-- What you should do --
Your response should be the complete listing, returned exactly as written.

=== Begin Enclosure ===

Lemma sum_pi_indicator (m : S -> R) s :
  \sum_s' \sum_a m s' * pi s' a * (s' == s)%:R = m s.
Proof.
under eq_bigr do rewrite -mulr_suml -mulr_sumr (pi_distr _).2 mulr1.
exact: sum_indicator.
Qed.

Lemma probSt_iter_push t s : probSt P pi d0 t s = iter t push d0 s.
Proof.
rewrite -[RHS]sum_pi_indicator.
exact: (sum_traj_last t (fun s' _ => (s' == s)%:R)).
Qed.

Lemma EG_EGrec t s : EG P pi r d0 lam gam t s = EGrec t s.
Proof.
rewrite -[RHS]sum_pi_indicator.
exact: (sum_traj_last_Gback t (fun s' _ => (s' == s)%:R)).
Qed.

End Trajectories.

Section BackwardBellman.
Context {R : realType} {S A : finType}.
Variables (P : S -> A -> S -> R) (pi : S -> A -> R) (r : S -> A -> R) (d : S -> R).
Variables lam gam : R.
Hypothesis P_distr : forall s a, is_distr (P s a).
Hypothesis pi_distr : forall s, is_distr (pi s).
Hypothesis d_stationary : stationary P pi d.
Hypothesis chain_ergodic : ergodic P pi.
Hypotheses (gam_ge0 : 0 <= gam) (gam_lt1 : gam < 1).
Hypotheses (lam_ge0 : 0 <= lam) (lam_le1 : lam <= 1).

Local Notation T := (Tback P pi r d lam gam).
Local Notation push := (push P pi).
Local Notation inflow := (inflow P pi).

Let d_gt0 : forall x, 0 < d x := stationary_gt0 P_distr pi_distr d_stationary chain_ergodic.

Lemma discount_ge0 : 0 <= lam * gam. Proof. exact: mulr_ge0. Qed.

Lemma discount_lt1 : lam * gam < 1.
Proof. by apply: le_lt_trans gam_lt1; rewrite ler_piMl. Qed.

Lemma Pback_ge0 s s' : 0 <= Pback P pi d s s'.
Proof.
apply: mulr_ge0; last exact: Pfwd_ge0.
by rewrite mulr_ge0 ?invr_ge0 ?ltW.
Qed.

Lemma Pback_row_sum s : \sum_s' Pback P pi d s s' = 1.
Proof.
rewrite /Pback; under eq_bigr do rewrite -mulrA.
by rewrite -mulr_sumr d_stationary.2 mulVf // gt_eqF.
Qed.

Lemma Tback_contraction v w :
  supnorm (fun s => T v s - T w s) <= lam * gam * supnorm (fun s => v s - w s).
Proof.
apply: supnorm_le => [|s]; first by rewrite mulr_ge0 ?discount_ge0 ?supnorm_ge0.
have -> : T v s - T w s = lam * gam * \sum_s' Pback P pi d s s' * (v s' - w s').
  rewrite /Tback [in RHS](eq_bigr _ (fun s' _ => mulrBr _ _ _)) sumrB; ring.
rewrite normrM ger0_norm ?discount_ge0 // ler_wpM2l ?discount_ge0 //.
apply: le_trans (ler_norm_sum _ _ _) _.
rewrite -[leRHS]mul1r -(Pback_row_sum s) mulr_suml; apply: ler_sum => s' _.
by rewrite normrM ger0_norm ?Pback_ge0 // ler_wpM2l ?Pback_ge0 // le_supnorm.
Qed.

Lemma Tback_mass v x :
  d x * T v x = lam * gam * (inflow d r x + push (fun s => d s * v s) x).
Proof.
have dx_neq0 : d x != 0 by rewrite gt_eqF.
rewrite /Tback mulrDr [RHS]mulrDr !(mulrCA (d x)); congr (_ * _ + _ * _).
  rewrite /rback mulr_sumr; apply: eq_bigr => s _.
  by rewrite mulr_sumr; apply: eq_bigr => a _; field.
by rewrite /Pback mulr_sumr; apply: eq_bigr => s _; field.
Qed.

Variable d0 : S -> R.
Hypothesis d0_distr : is_distr d0.

Local Notation EGrec := (EGrec P pi r d0 lam gam).

Lemma state_law_cvg x : iter t push d0 x @[t --> \oo] --> d x.
Proof.
exact: (iter_push_cvg P_distr pi_distr d_stationary chain_ergodic (x := x) d0_distr.2).
Qed.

=== End Enclosure ===

-- Exercise output --
Lemma sum_pi_indicator (m : S -> R) s :
  \sum_s' \sum_a m s' * pi s' a * (s' == s)%:R = m s.
Proof.
under eq_bigr do rewrite -mulr_suml -mulr_sumr (pi_distr _).2 mulr1.
exact: sum_indicator.
Qed.

Lemma probSt_iter_push t s : probSt P pi d0 t s = iter t push d0 s.
Proof.
rewrite -[RHS]sum_pi_indicator.
exact: (sum_traj_last t (fun s' _ => (s' == s)%:R)).
Qed.

Lemma EG_EGrec t s : EG P pi r d0 lam gam t s = EGrec t s.
Proof.
rewrite -[RHS]sum_pi_indicator.
exact: (sum_traj_last_Gback t (fun s' _ => (s' == s)%:R)).
Qed.

End Trajectories.

Section BackwardBellman.
Context {R : realType} {S A : finType}.
Variables (P : S -> A -> S -> R) (pi : S -> A -> R) (r : S -> A -> R) (d : S -> R).
Variables lam gam : R.
Hypothesis P_distr : forall s a, is_distr (P s a).
Hypothesis pi_distr : forall s, is_distr (pi s).
Hypothesis d_stationary : stationary P pi d.
Hypothesis chain_ergodic : ergodic P pi.
Hypotheses (gam_ge0 : 0 <= gam) (gam_lt1 : gam < 1).
Hypotheses (lam_ge0 : 0 <= lam) (lam_le1 : lam <= 1).

Local Notation T := (Tback P pi r d lam gam).
Local Notation push := (push P pi).
Local Notation inflow := (inflow P pi).

Let d_gt0 : forall x, 0 < d x := stationary_gt0 P_distr pi_distr d_stationary chain_ergodic.

Lemma discount_ge0 : 0 <= lam * gam. Proof. exact: mulr_ge0. Qed.

Lemma discount_lt1 : lam * gam < 1.
Proof. by apply: le_lt_trans gam_lt1; rewrite ler_piMl. Qed.

Lemma Pback_ge0 s s' : 0 <= Pback P pi d s s'.
Proof.
apply: mulr_ge0; last exact: Pfwd_ge0.
by rewrite mulr_ge0 ?invr_ge0 ?ltW.
Qed.

Lemma Pback_row_sum s : \sum_s' Pback P pi d s s' = 1.
Proof.
rewrite /Pback; under eq_bigr do rewrite -mulrA.
by rewrite -mulr_sumr d_stationary.2 mulVf // gt_eqF.
Qed.

Lemma Tback_contraction v w :
  supnorm (fun s => T v s - T w s) <= lam * gam * supnorm (fun s => v s - w s).
Proof.
apply: supnorm_le => [|s]; first by rewrite mulr_ge0 ?discount_ge0 ?supnorm_ge0.
have -> : T v s - T w s = lam * gam * \sum_s' Pback P pi d s s' * (v s' - w s').
  rewrite /Tback [in RHS](eq_bigr _ (fun s' _ => mulrBr _ _ _)) sumrB; ring.
rewrite normrM ger0_norm ?discount_ge0 // ler_wpM2l ?discount_ge0 //.
apply: le_trans (ler_norm_sum _ _ _) _.
rewrite -[leRHS]mul1r -(Pback_row_sum s) mulr_suml; apply: ler_sum => s' _.
by rewrite normrM ger0_norm ?Pback_ge0 // ler_wpM2l ?Pback_ge0 // le_supnorm.
Qed.

Lemma Tback_mass v x :
  d x * T v x = lam * gam * (inflow d r x + push (fun s => d s * v s) x).
Proof.
have dx_neq0 : d x != 0 by rewrite gt_eqF.
rewrite /Tback mulrDr [RHS]mulrDr !(mulrCA (d x)); congr (_ * _ + _ * _).
  rewrite /rback mulr_sumr; apply: eq_bigr => s _.
  by rewrite mulr_sumr; apply: eq_bigr => a _; field.
by rewrite /Pback mulr_sumr; apply: eq_bigr => s _; field.
Qed.

Variable d0 : S -> R.
Hypothesis d0_distr : is_distr d0.

Local Notation EGrec := (EGrec P pi r d0 lam gam).

Lemma state_law_cvg x : iter t push d0 x @[t --> \oo] --> d x.
Proof.
exact: (iter_push_cvg P_distr pi_distr d_stationary chain_ergodic (x := x) d0_distr.2).
Qed.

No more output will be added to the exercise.